■ Assignment ■
Count the lines below that contain the word "using" and give only that number.
━━ Input for this task ━━
Definition propA (P : graph_class) : Prop :=
  exists n (E : {set {set 'I_n}}), simple_graph E /\ ~~ P n E.
Definition propB (P : graph_class) : Prop := forall n, P n set0.
Definition propC (P : graph_class) : Prop :=
  forall m n (F : {set {set 'I_m}}) (E : {set {set 'I_n}}),
    simple_graph F -> simple_graph E -> graph_iso F E -> P n E -> P m F.
Definition propD (P : graph_class) : Prop :=
  forall m n (F : {set {set 'I_m}}) (E : {set {set 'I_n}}),
    simple_graph F -> simple_graph E -> is_minor F E -> P n E -> P m F.
Definition propE (P : graph_class) : Prop :=
  forall n (E : {set {set 'I_n}}) (u v : 'I_n),
    simple_graph E -> P n E -> ~~ connect (adj E) u v ->
    P n ([set u; v] |: E).
Definition propF (P : graph_class) : Prop :=
  forall n (E : {set {set 'I_n}}) (u v : 'I_n),
    simple_graph E -> P n E -> u != v -> ~~ adj E u v ->
    connect (adj E) u v -> tree_comp E u -> P n ([set u; v] |: E).

Definition good_class (P : graph_class) : Prop :=
  [/\ propA P, propB P, propC P, propD P & propE P] /\ propF P.

From Pilot Require Import Defs.
From mathcomp Require Import all_boot all_order all_algebra.
From mathcomp Require Import boolp zify.
Import GRing.Theory Num.Theory.
Set Implicit Arguments. Unset Strict Implicit. Unset Printing Implicit Defensive.

(* Along the greedy process we keep the invariant
   n <= e(P(n,t)) + kappa(G(n,t)); since e(G(n,t)) = t it is the inequality
   R(t) <= ex(G(n,t)).  Adding an edge to a graph destroys at most one tree
   component (two trees merge into one), so an accepted edge, which raises
   e(P(n,t)) by one, preserves the invariant.  A rejected edge uv must, by (e),
   join vertices already connected in P(n,t-1), and then, by (f), the component
   of u in P(n,t-1) is not a tree; neither is its component in the larger graph
   G(n,t-1), and an edge inside a component that is not a tree leaves kappa
   unchanged. *)

Lemma set2_inj (T : finType) (x y u v : T) :
  [set x; y] = [set u; v] -> (x = u /\ y = v) \/ (x = v /\ y = u).
Proof.
move=> exy.
have /set2P xuv : x \in [set u; v] by rewrite -exy set21.
have /set2P yuv : y \in [set u; v] by rewrite -exy set22.
have /set2P uxy : u \in [set x; y] by rewrite exy set21.
have /set2P vxy : v \in [set x; y] by rewrite exy set22.
by case: xuv yuv uxy vxy => -> [] -> [] ? [] ?; subst; auto.
Qed.

Lemma connect_ind (T : finType) (e : rel T) (S : pred T) x y :
  S x -> (forall a b, S a -> e a b -> S b) -> connect e x y -> S y.
Proof.
move=> Sx Se /connectP [p + ->]; elim: p x Sx => //= a p IH x Sx /andP[exa].
exact/IH/Se/exa.
Qed.

Section AddEdge.
Variable n : nat.
Implicit Types (E F : {set {set 'I_n}}) (u v w x y z : 'I_n).

Lemma adj_sym E : symmetric (adj E).
Proof. by move=> x y; rewrite /adj setUC. Qed.

Lemma connect_adjC E x y : connect (adj E) x y = connect (adj E) y x.
Proof. exact: (sym_connect_sym (adj_sym E)). Qed.

Lemma connect_adj_sub E F x y :
  E \subset F -> connect (adj E) x y -> connect (adj F) x y.
Proof. by move=> sEF; apply: connect_sub => a b Eab; apply/connect1/(subsetP sEF). Qed.

Lemma adj_addedgeP E u v x y : adj ([set u; v] |: E) x y ->
  [\/ adj E x y, x = u /\ y = v | x = v /\ y = u].
Proof.
rewrite /adj in_setU1 => /orP[/eqP/set2_inj[]|].
- by constructor 2.
- by constructor 3.
- by constructor 1.
Qed.

Lemma adj_addedge_avoid E u v x y :
  x != u -> y != u -> adj ([set u; v] |: E) x y = adj E x y.
Proof.
move=> xu yu; apply/idP/idP; last by rewrite /adj in_setU1 => ->; rewrite orbT.
by case/adj_addedgeP => [//|[/eqP]|[_ /eqP]]; rewrite ?(negbTE xu) ?(negbTE yu).
Qed.

Lemma connect_addedge E u v x y : connect (adj ([set u; v] |: E)) x y ->
  [|| connect (adj E) x y, connect (adj E) x u | connect (adj E) x v].
Proof.
set S := [pred z | [|| connect (adj E) x z, connect (adj E) x u | connect (adj E) x v]].
apply: (connect_ind (S := S)) => [|a b]; first by rewrite inE connect0.
rewrite !inE; case/or3P=> [xa|->|->]; rewrite ?orbT //.
case/adj_addedgeP=> [ab|[ea _]|[ea _]].
- by rewrite (connect_trans xa (connect1 ab)).
- by rewrite -ea xa orbT.
- by rewrite -ea xa !orbT.
Qed.

Lemma connect_addedge_far E u v w z :
  ~~ connect (adj E) w u -> ~~ connect (adj E) w v ->
  connect (adj ([set u; v] |: E)) w z = connect (adj E) w z.
Proof.
move=> wu wv; apply/idP/idP => [/connect_addedge|]; last exact/connect_adj_sub/subsetUr.
by rewrite (negbTE wu) (negbTE wv) !orbF.
Qed.

Lemma tree_comp_sub E F u : F \subset E -> tree_comp E u -> tree_comp F u.
Proof.
move=> sFE tE [c [c_gt2 uc cFc uc_conn]]; apply: tE; exists c; split=> //.
- by apply: sub_cycle cFc => a b; apply: (subsetP sFE).
- by apply/allP => z /(allP uc_conn); apply: connect_adj_sub.
Qed.

Lemma tree_comp_connect E u w : connect (adj E) u w -> tree_comp E u -> tree_comp E w.
Proof.
move=> uw tu [c [c_gt2 uc cEc wc_conn]]; apply: tu; exists c; split=> //.
by apply/allP => z /(allP wc_conn); apply: connect_trans uw.
Qed.

Lemma comp_connect E u w : connect (adj E) u w -> Defs.comp E u = Defs.comp E w.
Proof.
move=> uw; apply/setP => z; rewrite !inE; apply/idP/idP; last exact: connect_trans.
by apply: connect_trans; rewrite connect_adjC.
Qed.

Lemma adj_addedge_from E u v z : adj ([set u; v] |: E) u z -> z != u ->
  adj E u z \/ z = v.
Proof. by case/adj_addedgeP => [|[_ ->]|[-> ->]]; rewrite ?eqxx; auto. Qed.
Lemma typ_back_closed D G t T : typ D G t T -> back_ok D -> cclosed (length G) (back D t).
Proof.
  induction 1 as [D G n A _ Hn| | | | |D G e Ms _ [D' E] L _ IH]; intros HD;
    rewrite ?back_var, ?back_sort, ?back_pi, ?back_app; simpl; auto.
  - apply nth_error_Some. congruence.
  - rewrite back_lab, E. destruct (HD _ _ _ E) as (Cdom & Cbody & _).
    assert (Hargs : forall i, i < length (le_args e) ->
                    cclosed (length G) (cinst (map (back D) Ms) i)).
    { intros i Hi. apply cclosed_cinst; [|rewrite length_map; lia].
      intros k Hk. rewrite length_map in Hk.
      rewrite <- (back_var D 0), map_nth. auto. }
    simpl. split; [eapply cclosed_csubst; eauto|].
    eapply cclosed_csubst; [exact Cbody|].
    intros [|i] Hi; simpl; [lia|].
    eapply cclosed_cren; [apply Hargs; lia | intros; lia].
Qed.

Section FreshLabel.

Variables (e0 : lentry) (D : lctx).
Hypothesis Hfresh : lookup (le_lab e0) D = None.

Lemma lookup_fresh l x : lookup l D = Some x -> lookup l (e0 :: D) = Some x.
Proof.
  intros E. simpl. destruct (Nat.eqb_spec (le_lab e0) l); [congruence | exact E].
Qed.

Lemma labelled_fresh t : labelled D t -> labelled (e0 :: D) t.
Proof.
  induction t as [n|i|A B IHA IHB|M N IHM IHN|l Ms IHMs] using dterm_nested_ind;
    intros Ht; inversion Ht; subst; econstructor; eauto using lookup_fresh.
  rewrite Forall_forall in *. auto.
Qed.

Lemma back_fresh t : labelled D t -> back (e0 :: D) t = back D t.
Proof.
  induction t as [n|i|A B IHA IHB|M N IHM IHN|l Ms IHMs] using dterm_nested_ind; intros Ht.
  - rewrite !back_var. reflexivity.
  - rewrite !back_sort. reflexivity.
  - inversion Ht; subst. rewrite !back_pi, IHA, IHB by assumption. reflexivity.
  - inversion Ht; subst. rewrite !back_app, IHM, IHN by assumption. reflexivity.
  - apply labelled_lab_inv in Ht as (e & D' & E & _ & HMs).
    rewrite !back_lab, (lookup_fresh _ _ E), E.
    rewrite (map_ext_Forall (back (e0 :: D)) (back D)); [reflexivity|].
    rewrite Forall_forall in *. auto.
Qed.

End FreshLabel.

Lemma lwf_back_ok D : lwf D -> back_ok D.
Proof.
  induction D as [|e0 D IH]; intros H l e D' E; [discriminate|].
  inversion H as [|? ? Hfresh Hbody]; subst.
  assert (HD : back_ok D) by (apply IH, (cwf_lwf _ _ (typ_cwf _ _ _ _ Hbody))).
  simpl in E. destruct (Nat.eqb_spec (le_lab e0) l).
  - injection E as <- <-.
    pose proof (typ_cwf _ _ _ _ Hbody) as Hcwf.
    inversion Hcwf as [|? ? ? ? Hdom]; subst.
    pose proof (typ_back_closed _ _ _ _ Hdom HD) as Cdom.
    pose proof (typ_back_closed _ _ _ _ Hbody HD) as Cbody.
    simpl in Cdom, Cbody. rewrite length_rev in Cdom, Cbody.
    pose proof (typ_labelled _ _ _ _ Hbody) as Hlab.
    rewrite back_fresh by assumption. auto using labelled_fresh.
  - destruct (HD _ _ _ E) as (Cdom & Cbody & Hlab & Hstable).
    rewrite back_fresh by assumption. auto using labelled_fresh.
Qed.

Theorem lemma3p21 (D : lctx) (G : dctx) (M N A : dterm) :
  typ D G M A -> typ D G N A -> deq D M N ->
  ceq (back D M) (back D N).
Proof.
  intros HM HN Heq.
  apply back_deq; eauto using typ_labelled.
  apply lwf_back_ok, (cwf_lwf _ G), (typ_cwf _ _ _ _ HM).
Qed.
Lemma TARk_connected_star k : TARk_connected K k = (r <= k).
Proof.
have [/TARk_connected_star_ge // | /TARk_connected_star_lt] := leqP r k.
exact: negbTE.
Qed.

Lemma z0_low_star : z0_low K = r.
Proof.
rewrite /z0_low (eq_bigl (fun k : 'I__ => r <= k)) => [|k]; last exact: TARk_connected_star.
by rewrite bigmin_ord_ge // card_option card_ord // ltnW.
Qed.

Lemma z0_star : z0 K = r.
Proof.
rewrite /z0 (eq_bigl (fun k : 'I__ => r <= k)) => [|k].
  by rewrite bigmin_ord_ge // card_option card_ord // ltnW.
apply/forallP/idP => [/(_ k) | le_rk i]; first by rewrite leqnn TARk_connected_star.
by rewrite TARk_connected_star; apply/implyP/leq_trans.
Qed.

End Star.

Theorem proposition1p5 (r : nat) (hr : 2 <= r) :
  isomorphic (TAR_rel (star r)) (cartprod (star r) K2) /\
  Zbar (star r) = r - 1 /\ Zn (star r) = r - 1 /\
  z0 (star r) = r /\ z0_low (star r) = r.
Proof.
split; first exact: TAR_star_isomorphic hr.
by rewrite Zbar_star // Zn_star // z0_star // z0_low_star.
Qed.
Lemma RB3_id a : sw3 D a (fun a1 a2 a3 => m (arr a1 (Sa a2)) a3) = e a *: u.
Proof.
case: Hant => _ _ <-; apply: eq_sw => p q.
by rewrite -(lin_sw _ _ (mL1 q)) arr_Sarr.
Qed.

Lemma form_lar (phi : H -> H -> K) x y z : flin (fun w => phi w z) ->
  phi (lar x y) z =
  sw (D x) (fun c d => sw (D y) (fun c' d' => phi (bu (bu (Sa (arr c c')) d) d') z)).
Proof.
move=> lphi; rewrite /lar (flin_sw _ _ lphi).
by apply: eq_sw => c d; rewrite (flin_sw _ _ lphi).
Qed.

Hypothesis Hlar : forall phi, form2 phi -> forall x y,
  sw (D x) (fun x1 x2 => sw (D y) (fun y1 y2 => phi (arr x1 y1) (lar x2 y2))) =
  sw (D x) (fun x1 x2 => sw (D y) (fun y1 y2 => phi (arr x2 y2) (lar x1 y1))).

Lemma RB2_id (phi : H -> H -> K) : form2 phi -> forall a b,
  sw3 D a (fun a1 a2 a3 => sw3 D b (fun b1 b2 b3 =>
    phi (bu (bu (Sa (arr a1 b1)) a2) b2) (arr a3 b3))) =
  sw3 D a (fun a1 a2 a3 => sw3 D b (fun b1 b2 b3 =>
    phi (bu (bu (Sa (arr a2 b2)) a3) b3) (arr a1 b1))).
Proof.
(* The left side is the left side of (Hlar) for the flipped form directly;
   the right side matches its right side after coassociativity in a and b. *)
move=> [p1 p2] a b; case: Hco => _ _ coass _ _.
transitivity (sw (D a) (fun x1 x2 => sw (D b) (fun y1 y2 => phi (lar x1 y1) (arr x2 y2)))).
  rewrite /sw3; apply: eq_sw => p q.
  by under [RHS]eq_sw do rewrite (form_lar _ _ (p1 _)); rewrite exchange_sw.
rewrite -(Hlar (phi := fun v w => phi w v)) //.
have lin_inner c d : lin (fun z => bu (bu (Sa z) c) d).
  exact: lin_comp (lin_bulletl _) (lin_comp (lin_bulletl _) lin_Sarr).
symmetry; rewrite coass; last first.
  split; [|split] => y z; do 2!apply: flin_sw_body => ? ? /=.
  - exact: flin_comp (p2 _) (aL1 _).
  - exact: flin_comp (p1 _) (lin_comp (lin_inner _ _) (aL1 _)).
  - exact: flin_comp (p1 _) (lin_comp (lin_bulletl _) (lin_bulletr _)).
apply: eq_sw => p q; under [RHS]eq_sw do rewrite (form_lar _ _ (p1 _)).
rewrite exchange_sw; apply: eq_sw => c d; rewrite coass //.
split; [|split] => y z.
- exact: flin_comp (p2 _) (aL2 _).
- exact: flin_comp (p1 _) (lin_comp (lin_inner _ _) (aL2 _)).
- exact: flin_comp (p1 _) (lin_bulletr _).
Qed.

End IdentityRotaBaxter.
━━━
■ Response area ■
6